Fortunately for Apollo, the guarantee (arguably) could be released if the operating company ceased to be a wholly-owned subsidiary of the public parent company.51 In other words, if the parent company merely sold some equity of its wholly-owned operating subsidiary to a third party, Apollo (and other public company equity-holders) could side-step the guarantee. Unfortunately for Apollo, its operating subsidiary was hopelessly insolvent with debt trading at levels indicating significant distress. As a result, no third-party buyer would ever buy the operating company’s worthless equity. To overcome that difficulty, Apollo approached hedge fund holders of the parent company’s equity in an ‘I scratch your back, you scratch mine’ trade whereby the worthless equity would be taken up by investors with no economic rationale for buying it other than their own ownership of the parent company’s equity.52 The uncertainty surrounding the guarantee’s release created such a significant overhang for Apollo during the bankruptcy proceedings that it became an important factor in forcing Apollo to eventually settle with creditors.53

For Ares to get MyTheresa, it had to overcome the fact that MyTheresa was a ‘restricted’ subsidiary of Neiman Marcus under the indenture governing the unsecured bonds. As a result of this contractual restriction, Neiman could not transfer its equity interest in MyTheresa away from Neiman’s creditors unless it first redesignated MyTheresa as an ‘unrestricted subsidiary.

Neiman Marcus had “basket capacity” of $505 million under its covenants, meaning that it would only be permitted to transfer MyTheresa out of the credit group under the debt documents if the value of the MyTheresa business was less than $505 million.54 Duff & Phelps, the firm hired by the sponsors to determine the fair market value of the MyTheresa business for purposes of covenant compliance, concluded it was only worth $280 million.55 This represented just $50 million more than its original purchase price three years earlier despite a 2x revenue increase since then.56

Duff & Phelps assumed a 7.6% terminal EBITDA margin for the business for purposes of its valuation.57 This assumption was inconsistent with projections prepared by management and by the company’s investment banker at around the same time. A month before Duff & Phelps performed its valuation, management assumed an 11.7% terminal EBITDA margin for the business for purposes of internal management projections.58 The company’s investment banker, Lazard, used an 11.3% terminal EBITDA margin for purposes of its presentation to management a few months later.59 That difference of nearly 400 basis points would reduce the Duff & Phelps valuation by hundreds of millions of dollars.60 It appeared Duff & Phelps was using an artificially low margin assumption to support a lower value for MyTheresa (which was only disclosed in the subsequent bankruptcy). In fact, the valuation prepared by an expert retained by the official committee in the subsequent bankruptcy concluded that MyTheresa was worth at least $662 million as of March 2017, thus exceeding the amount permitted by over $100 million.61 Only by massaging its financial assumptions could Neiman Marcus succeed in designating the MyTheresa business as unrestricted, a necessary first step in freeing up this crown jewel asset for its eventual taking by the sponsors in late 2018.

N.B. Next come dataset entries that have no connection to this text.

(* Heights strictly increase along a tree order, and a weak embedding f : T1 -> T2 never lowers
   heights.  Countable unions of countable sets being countable, the limits d that are
   closed under the height function of f form an unbounded subset of omega_1; for each
   such d pick x_d on level d of T1 and y_d <= f(x_d) on level d of T2.  Two distinct
   such d1, d2 receive the same colour c(x_d, y_d), so the meet m of x_d1, x_d2 lies
   strictly below both, with f(m) below level d1 and d2.  Hence f(m) <= y_d1, y_d2, so
   f(m) lies below the meet of y_d1 and y_d2, which by the colouring condition is lower
   than m: f lowers the height of m, a contradiction. *)

Lemma countable_of_enum (X : Type) (e : nat -> X) :
  (forall x, exists k, e k = x) -> countable_type X.
Proof.
  intros He. destruct (choice _ He) as [idx Hidx].
  exists idx. intros x y Hxy. rewrite <- (Hidx x), <- (Hidx y), Hxy. reflexivity.
Qed.

Lemma countable_option_enum (X : Type) :
  countable_type X -> exists e : nat -> option X, forall x, exists k, e k = Some x.
Proof.
  intros [g Hg].
  exists (fun k => match excluded_middle_informative (exists x, g x = k) with
                   | left H => Some (proj1_sig (constructive_indefinite_description _ H))
                   | right _ => None end).
  intros x. exists (g x).
  destruct (excluded_middle_informative _) as [H|H]; [|exfalso; eauto].
  destruct (constructive_indefinite_description _ H) as [y Hy]; simpl.
  rewrite (Hg _ _ Hy). reflexivity.
Qed.
(* Let $k,l$ be positive integers, $f$ a $k$-variable Boolean function and $g$ a balanced $l$-variable Boolean function. For $0\le i\le k$ let $a_i=\max_{\mathbf{w}\in\mathbb{F}_2^k,\ \mathrm{wt}(\mathbf{w})=i} W_f^2(\mathbf{w})$. Then $$H_\infty(f\diamond g)=\min_{i\in\{0,\ldots,k\},\ a_i>0}\bigl(-\log a_i + i\cdot H_\infty(g)\bigr).$$
   Context: A Boolean function on $n$ variables is a map $\mathbb{F}_2^n\to\mathbb{F}_2$; it is balanced if it takes the value $1$ on exactly $2^{n-1}$ inputs. The Walsh transform is $W_f(\bm{\alpha})=2^{-n}\sum_{\mathbf{x}\in\mathbb{F}_2^n}(-1)^{f(\mathbf{x})\oplus\langle\mathbf{x},\bm{\alpha}\rangle}$ with $\langle\mathbf{x},\bm{\alpha}\rangle=\bigoplus_i x_i\alpha_i$. $\mathrm{wt}(\mathbf{w})$ is the Hamming weight. All logarithms are base 2. The Fourier min-entropy is $H_\infty(f)=\min_{\bm{\alpha}:W_f^2(\bm{\alpha})\ne0}\log(1/W_f^2(\bm{\alpha}))$. Disjoint composition: for $f$ on $k$ variables and $g$ on $l$ variables, $f\diamond g$ is the $kl$-variable function $(f\diamond g)(\mathbf{x})=f(g(\mathbf{x}^{(1)}),\ldots,g(\mathbf{x}^{(k)}))$, where $\mathbf{x}^{(i)}=(x_{(i-1)l+1},\ldots,x_{il})$. *)

From HB Require Import structures.
From mathcomp Require Import all_boot all_order all_algebra.
From mathcomp Require Import all_classical all_reals all_analysis.
Set Implicit Arguments. Unset Strict Implicit. Unset Printing Implicit Defensive.
Import Order.TTheory GRing.Theory Num.Theory.
Local Open Scope ring_scope.
(* Let $\mathcal{B}=(T,\bowtie)$ be a block of homogeneous transactions, let $k$ be the chromatic number of the conflict graph $(T,\bowtie)$, and let $c_{\min}:T\to\{1,\dots,k\}$ be a proper vertex coloring of $(T,\bowtie)$ with $k$ colors. Let $T_i=\{tx\in T: c_{\min}(tx)=i\}$ and $\mathcal S_{c_{\min}}=\mathrm{LevelSchedule}(T_1,\dots,T_k)$. Then $\mathrm{Lt}_{\mathbb 1}(\mathcal S_{c_{\min}})=k$.
   Context: A block consists of a finite set $T$ of transactions with a symmetric irreflexive conflict relation $\bowtie$; the conflict graph is the undirected graph $(T,\bowtie)$. The block is homogeneous, and all transaction lengths are taken to be $1$ (length function $\mathbb 1\equiv 1$). A schedule is a set $\mathcal S\subseteq T\times T$ with $(T,\mathcal S)$ acyclic. The latency $\mathrm{Lt}_{\mathbb 1}(\mathcal S)$ is the maximum number of vertices on a directed path in $(T,\mathcal S)$. $\mathrm{LevelSchedule}(B_1,\dots,B_k)$ for an ordered partition of $T$ into conflict-free sets: set $B_0=\emptyset$, $\mathcal S=\emptyset$; for $i=1,\dots,k$ and, for each $i$, for $j=i-1,\dots,0$ (decreasing): let $E=\{(u,v)\in B_j\times B_i: u\bowtie v\}$, let $P$ be the set of pairs $(x,y)$ with a directed path from $x$ to $y$ in the current $(T,\mathcal S)$, and set $\mathcal S\leftarrow\mathcal S\cup(E\setminus P)$; output $\mathcal S$. *)

From mathcomp Require Import all_boot.
Set Implicit Arguments. Unset Strict Implicit. Unset Printing Implicit Defensive.

Section Defs.
Variable T : finType.

Definition srel (S : {set T * T}) : rel T := fun a b => (a, b) \in S.

(* a directed path in (T,S), given as its sequence of vertices;
   the empty sequence is the path with 0 vertices *)
Definition dpath (S : {set T * T}) (s : seq T) : bool :=
  if s is x :: s' then path (srel S) x s' else true.

(* Lt_1(S) = n : n is the maximum number of vertices on a directed path *)
Definition latency_is (S : {set T * T}) (n : nat) : Prop :=
  (exists s, dpath S s /\ size s = n) /\ (forall s, dpath S s -> size s <= n).

Definition proper_coloring (e : rel T) (k : nat) (c : T -> 'I_k) : Prop :=
  forall x y, e x y -> c x != c y.

Definition chromatic_number (e : rel T) (k : nat) : Prop :=
  (exists c : T -> 'I_k, proper_coloring e c) /\
  (forall m, m < k -> ~ exists c : T -> 'I_m, proper_coloring e c).

(* inner step of LevelSchedule for the pair (B_j, B_i):
   S <- S u (E \ P), P computed from the current S *)
Definition level_step (e : rel T) (Bi : {set T}) (S : {set T * T}) (Bj : {set T})
  : {set T * T} :=
  S :|: [set p | [&& p.1 \in Bj, p.2 \in Bi, e p.1 p.2 &
                     ~~ connect (srel S) p.1 p.2]].

(* prev = [B_1; ...; B_{i-1}], rest = [B_i; ...; B_k] *)
Fixpoint level_aux (e : rel T) (S : {set T * T}) (prev rest : seq {set T})
  : {set T * T} :=
  match rest with
  | [::] => S
  | Bi :: rest' =>
      (* j = i-1, ..., 1, 0 (decreasing), with B_0 = set0 *)
      level_aux e (foldl (level_step e Bi) S (rev (set0 :: prev)))
                (rcons prev Bi) rest'
  end.

Definition LevelSchedule (e : rel T) (B : seq {set T}) : {set T * T} :=
  level_aux e set0 [::] B.

Definition color_classes (k : nat) (c : T -> 'I_k) : seq {set T} :=
  [seq [set x | c x == i] | i <- enum 'I_k].

End Defs.

(* LevelSchedule only adds pairs (x, y) of conflicting transactions with x in an
   earlier colour class than y, and every such pair ends up connected in the
   schedule.  Colours therefore strictly increase along schedule paths, so no
   path has more than k vertices.  Conversely, the number of vertices of a
   longest path starting at a transaction is a proper colouring of the conflict
   graph (as in the Gallai-Roy theorem); if every path had fewer than k
   vertices, this would colour the graph with fewer than k colours. *)
From mathcomp Require Import all_boot.
Set Implicit Arguments. Unset Strict Implicit. Unset Printing Implicit Defensive.

Section LongestPathColoring.
Variables (T : finType) (S : {set T * T}) (m : nat).
Hypothesis S_bounded : forall s, dpath S s -> size s <= m.

(* The number of edges of a longest path from v; the range 'I_m.+1 always
   contains the trivial path [:: v], even when m = 0. *)
Definition height (v : T) : nat :=
  \max_(n < m.+1 | [exists t : n.-tuple T, path (srel S) v t]) n.

Lemma path_size_bounded v t : path (srel S) v t -> size t < m.
Proof. exact: (S_bounded (s := v :: t)). Qed.

Lemma height_path v : exists2 t, path (srel S) v t & size t = height v.
Proof.
have path0 : [exists t : 0.-tuple T, path (srel S) v t] by apply/existsP; exists [tuple].
rewrite /height (bigmax_eq_arg ord0) //.
by case: arg_maxnP => // n /existsP[t pt] _; exists t; rewrite ?size_tuple.
Qed.

Lemma height_path_ge v t : path (srel S) v t -> size t <= height v.
Proof.
move=> pt; have t_lt : size t < m.+1 := ltnW (path_size_bounded pt).
by apply: (bigmax_sup (Ordinal t_lt)) => //; apply/existsP; exists (in_tuple t).
Qed.

Lemma height_lt v : height v < m.
Proof. by have [t /path_size_bounded + <-] := height_path v. Qed.

Lemma height_connect u v : u != v -> connect (srel S) u v -> height v < height u.
Proof.
move=> /[swap] /connectP[p pp ->]; case: p pp => [|x p] pp; first by rewrite eqxx.
move=> _; have [t pt <-] := height_path (last x p).
apply: leq_trans (height_path_ge (t := x :: p ++ t) _).
- by rewrite /= size_cat ltnS leq_addl.
- by rewrite -cat_cons cat_path pp pt.
Qed.

Lemma longest_path_coloring (e : rel T) :
  irreflexive e ->
  (forall u v, e u v -> connect (srel S) u v || connect (srel S) v u) ->
  exists c : T -> 'I_m, proper_coloring e c.
Proof.
move=> e_irr e_oriented; exists (fun v => Ordinal (height_lt v)) => u v euv.
have neq_uv : u != v by apply: contraTneq euv => ->; rewrite e_irr.
rewrite -val_eqE /=; case/orP: (e_oriented u v euv) => [uv | vu].
- by rewrite gtn_eqF // height_connect.
- by rewrite ltn_eqF // height_connect // eq_sym.
Qed.

End LongestPathColoring.

Section LevelSchedule.
Variables (T : finType) (e : rel T).
Implicit Types (S : {set T * T}) (Bi Bj : {set T}) (B l prev rest : seq {set T}).

Definition forward_pair B (p : T * T) : Prop :=
  exists j i, [/\ j < i < size B, p.1 \in nth set0 B j & p.2 \in nth set0 B i].

Lemma connect_srelS S S' :
  S \subset S' -> subrel (connect (srel S)) (connect (srel S')).
Proof. by move=> sub; apply: connect_sub => x y xy; apply/connect1/(subsetP sub). Qed.

Lemma subset_foldl_level_step Bi S l : S \subset foldl (level_step e Bi) S l.
Proof.
elim: l S => [|Bj l IH] S /=; first exact: subxx.
exact: subset_trans (subsetUl _ _) (IH _).
Qed.

Lemma mem_foldl_level_step Bi S l p :
  p \in foldl (level_step e Bi) S l ->
  p \in S \/ exists2 Bj, Bj \in l & (p.1 \in Bj) && (p.2 \in Bi).
Proof.
elim: l S => [|Bj l IH] S /=; first by left.
case/IH => [|[Bj' Bj'l pB]]; last by right; exists Bj'; rewrite // inE Bj'l orbT.
rewrite inE => /orP[pS | ]; first by left.
by rewrite inE => /and4P[p1 p2 _ _]; right; exists Bj; rewrite ?inE ?eqxx ?p1.
Qed.

(* Either x and y are already connected when B_j is processed, or (x, y) is added. *)
Lemma foldl_level_step_connect Bi S l Bj x y :
  Bj \in l -> x \in Bj -> y \in Bi -> e x y ->
  connect (srel (foldl (level_step e Bi) S l)) x y.
Proof.
elim: l S => [|Bj' l IH] S //=.
rewrite inE => /orP[/eqP <- | Bjl] xB yB exy; last exact: IH.
apply: connect_srelS (subset_foldl_level_step _ _ _) _ _ _.
have [Sxy | nSxy] := boolP (connect (srel S) x y).
  exact: connect_srelS (subsetUl _ _) _ _ Sxy.
by apply: connect1; rewrite /srel !inE /= xB yB exy nSxy orbT.
Qed.

Lemma subset_level_aux S prev rest : S \subset level_aux e S prev rest.
Proof.
elim: rest S prev => [|Bi rest IH] S prev /=; first exact: subxx.
exact: subset_trans (subset_foldl_level_step _ _ _) (IH _ _).
Qed.

Lemma mem_level_aux S prev rest p :
  p \in level_aux e S prev rest -> p \in S \/ forward_pair (prev ++ rest) p.
Proof.
elim: rest S prev => [|Bi rest IH] S prev /=; first by left.
case/IH => [|fw]; last by right; rewrite -cat_rcons.
case/mem_foldl_level_step => [|[Bj]]; first by left.
rewrite mem_rev inE => /orP[/eqP -> | Bj_prev]; first by rewrite inE.
case/andP=> p1 p2; right; exists (index Bj prev), (size prev).
rewrite index_mem Bj_prev size_cat /= addnS ltnS leq_addr.
by rewrite !nth_cat index_mem Bj_prev nth_index // ltnn subnn.
Qed.

Lemma level_aux_connect S prev rest j i x y :
  size prev <= i -> j < i < size (prev ++ rest) ->
  x \in nth set0 (prev ++ rest) j -> y \in nth set0 (prev ++ rest) i -> e x y ->
  connect (srel (level_aux e S prev rest)) x y.
Proof.
elim: rest S prev => [|Bi rest IH] S prev /= prev_i /andP[ji].
  by rewrite cats0 ltnNge prev_i.
rewrite -cat_rcons => i_lt xj yi exy.
move: prev_i; rewrite leq_eqVlt => /orP[/eqP i_eq | prev_i]; last first.
  by apply: IH; rewrite ?size_rcons ?ji.
apply: connect_srelS (subset_level_aux _ _ _) _ _ _.
rewrite -i_eq in ji yi; rewrite cat_rcons nth_cat ji in xj.
rewrite cat_rcons nth_cat ltnn subnn in yi.
apply: (foldl_level_step_connect _ _ xj yi exy).
by rewrite mem_rev !inE mem_nth ?orbT.
Qed.

Lemma LevelSchedule_forward B p : p \in LevelSchedule e B -> forward_pair B p.
Proof. by case/mem_level_aux; rewrite ?inE. Qed.

Lemma LevelSchedule_connect B j i x y :
  j < i < size B -> x \in nth set0 B j -> y \in nth set0 B i -> e x y ->
  connect (srel (LevelSchedule e B)) x y.
Proof. exact: (@level_aux_connect set0 [::] B j i x y (leq0n i)). Qed.

End LevelSchedule.

Section ColorClasses.
Variables (T : finType) (k : nat) (c : T -> 'I_k).

Lemma size_color_classes : size (color_classes c) = k.
Proof. by rewrite size_map size_enum_ord. Qed.

Lemma mem_nth_color_classes j x :
  j < k -> (x \in nth set0 (color_classes c) j) = (c x == j :> nat).
Proof.
move=> j_lt; rewrite (nth_map (Ordinal j_lt)) ?size_enum_ord // inE -val_eqE.
by rewrite /= nth_enum_ord.
Qed.

Lemma LevelSchedule_color_lt (e : rel T) a b :
  srel (LevelSchedule e (color_classes c)) a b -> c a < c b.
Proof.
case/LevelSchedule_forward => j [i [/andP[ji i_lt]]] /=.
rewrite size_color_classes in i_lt.
rewrite !mem_nth_color_classes ?(ltn_trans ji) // => /eqP-> /eqP->.
exact: ji.
Qed.

Lemma LevelSchedule_color_connect (e : rel T) a b :
  e a b -> c a < c b -> connect (srel (LevelSchedule e (color_classes c))) a b.
Proof.
move=> eab ab; apply: (@LevelSchedule_connect _ _ _ (c a) (c b)) => //.
- by rewrite ab size_color_classes /=.
- by rewrite mem_nth_color_classes.
- by rewrite mem_nth_color_classes.
Qed.

Lemma increasing_path_size S :
  (forall a b, srel S a b -> c a < c b) -> forall s, dpath S s -> size s <= k.
Proof.
move=> S_lt [|x s] //= ps.
have sorted_cs : sorted (fun a b : 'I_k => a < b) (map c (x :: s)).
  by rewrite /= path_map; exact: sub_path S_lt _ _ ps.
have uniq_cs : uniq (map c (x :: s)).
  by apply: sorted_uniq sorted_cs => [a b d|a]; [apply: ltn_trans | apply: ltnn].
have := max_card (mem (map c (x :: s))).
by rewrite card_ord (card_uniqP uniq_cs) size_map.
Qed.

End ColorClasses.

Theorem lemma5 (T : finType) (e : rel T)
  (e_sym : symmetric e) (e_irr : irreflexive e)
  (k : nat) (hk : chromatic_number e k)
  (cmin : T -> 'I_k) (hc : proper_coloring e cmin) :
  latency_is (LevelSchedule e (color_classes cmin)) k.
Proof.
set S := LevelSchedule e (color_classes cmin).
have S_bounded : forall s, dpath S s -> size s <= k.
  exact/increasing_path_size/LevelSchedule_color_lt.
split=> //; case: (posnP k) => [-> | k_gt0]; first by exists [::].
have [/existsP[t pt] | no_k_path] := boolP [exists t : k.-tuple T, dpath S t].
  by exists t; rewrite size_tuple.
have S_shorter s : dpath S s -> size s <= k.-1.
  move=> ps; rewrite -ltnS prednK // ltn_neqAle S_bounded // andbT.
  apply: contraNneq no_k_path => /eqP size_s.
  by apply/existsP; exists (Tuple size_s).
exfalso; apply: (hk.2 k.-1); first by rewrite prednK.
apply: (longest_path_coloring S_shorter e_irr) => u v euv.
have := hc u v euv; rewrite -val_eqE neq_ltn => /orP[uv | vu].
- by rewrite LevelSchedule_color_connect.
- by rewrite (LevelSchedule_color_connect _ vu) ?orbT // e_sym.
Qed.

D. Developments in Case Law Undermine Creditor Protections

Private equity firms have to learn how to juggle multiple hats when dealing with their portfolio companies. Sometimes, these roles conflict.62 Private equity owners sitting on the Board of a portfolio company may simultaneously have duties to their own investors, to the companies that they manage, and, in times of distress, to the creditors of those companies.63 A private equity owner’s decision to pay itself a dividend from a portfolio company would serve the interests of its investors, but it could also conflict with its duties as a director if the company is distressed.64

In 1991, in response to these conflicts, Delaware Chancery Judge Allen announced a new common law rule favoring the interests of creditors over those of private equity owners during times of financial distress.65 He opined that directors’ fiduciary duties embraced creditor interests in the vicinity of insolvency.66 Creditors could (and, in fact, often times did) police sponsor misconduct by bringing direct claims against directors for crossing over the red-line into blatant self-opportunism at the expense of creditors interest.67 That began to change in 2007 with a series of decisions that slowly eroded the ability of creditors to hold private equity appointed directors accountable for placing sponsor interests above those of creditors during times of distress.68

In 2007, the Delaware Supreme Court changed course in the Gheewalla decision and rolled back the fiduciary duties owed by directors to creditors during times of financial distress.69 After Gheewalla, directors would no longer owe any direct duties to creditors during the “zone of insolvency.”70 Instead, they would owe their duties to the corporation for the benefit of shareholders unless the corporation was insolvent, effectively gutting the protections of the common law rule.71 As a result of Gheewalla, corporate directors no longer had to look over their shoulder during times of distress. Another shoe would drop in 2010.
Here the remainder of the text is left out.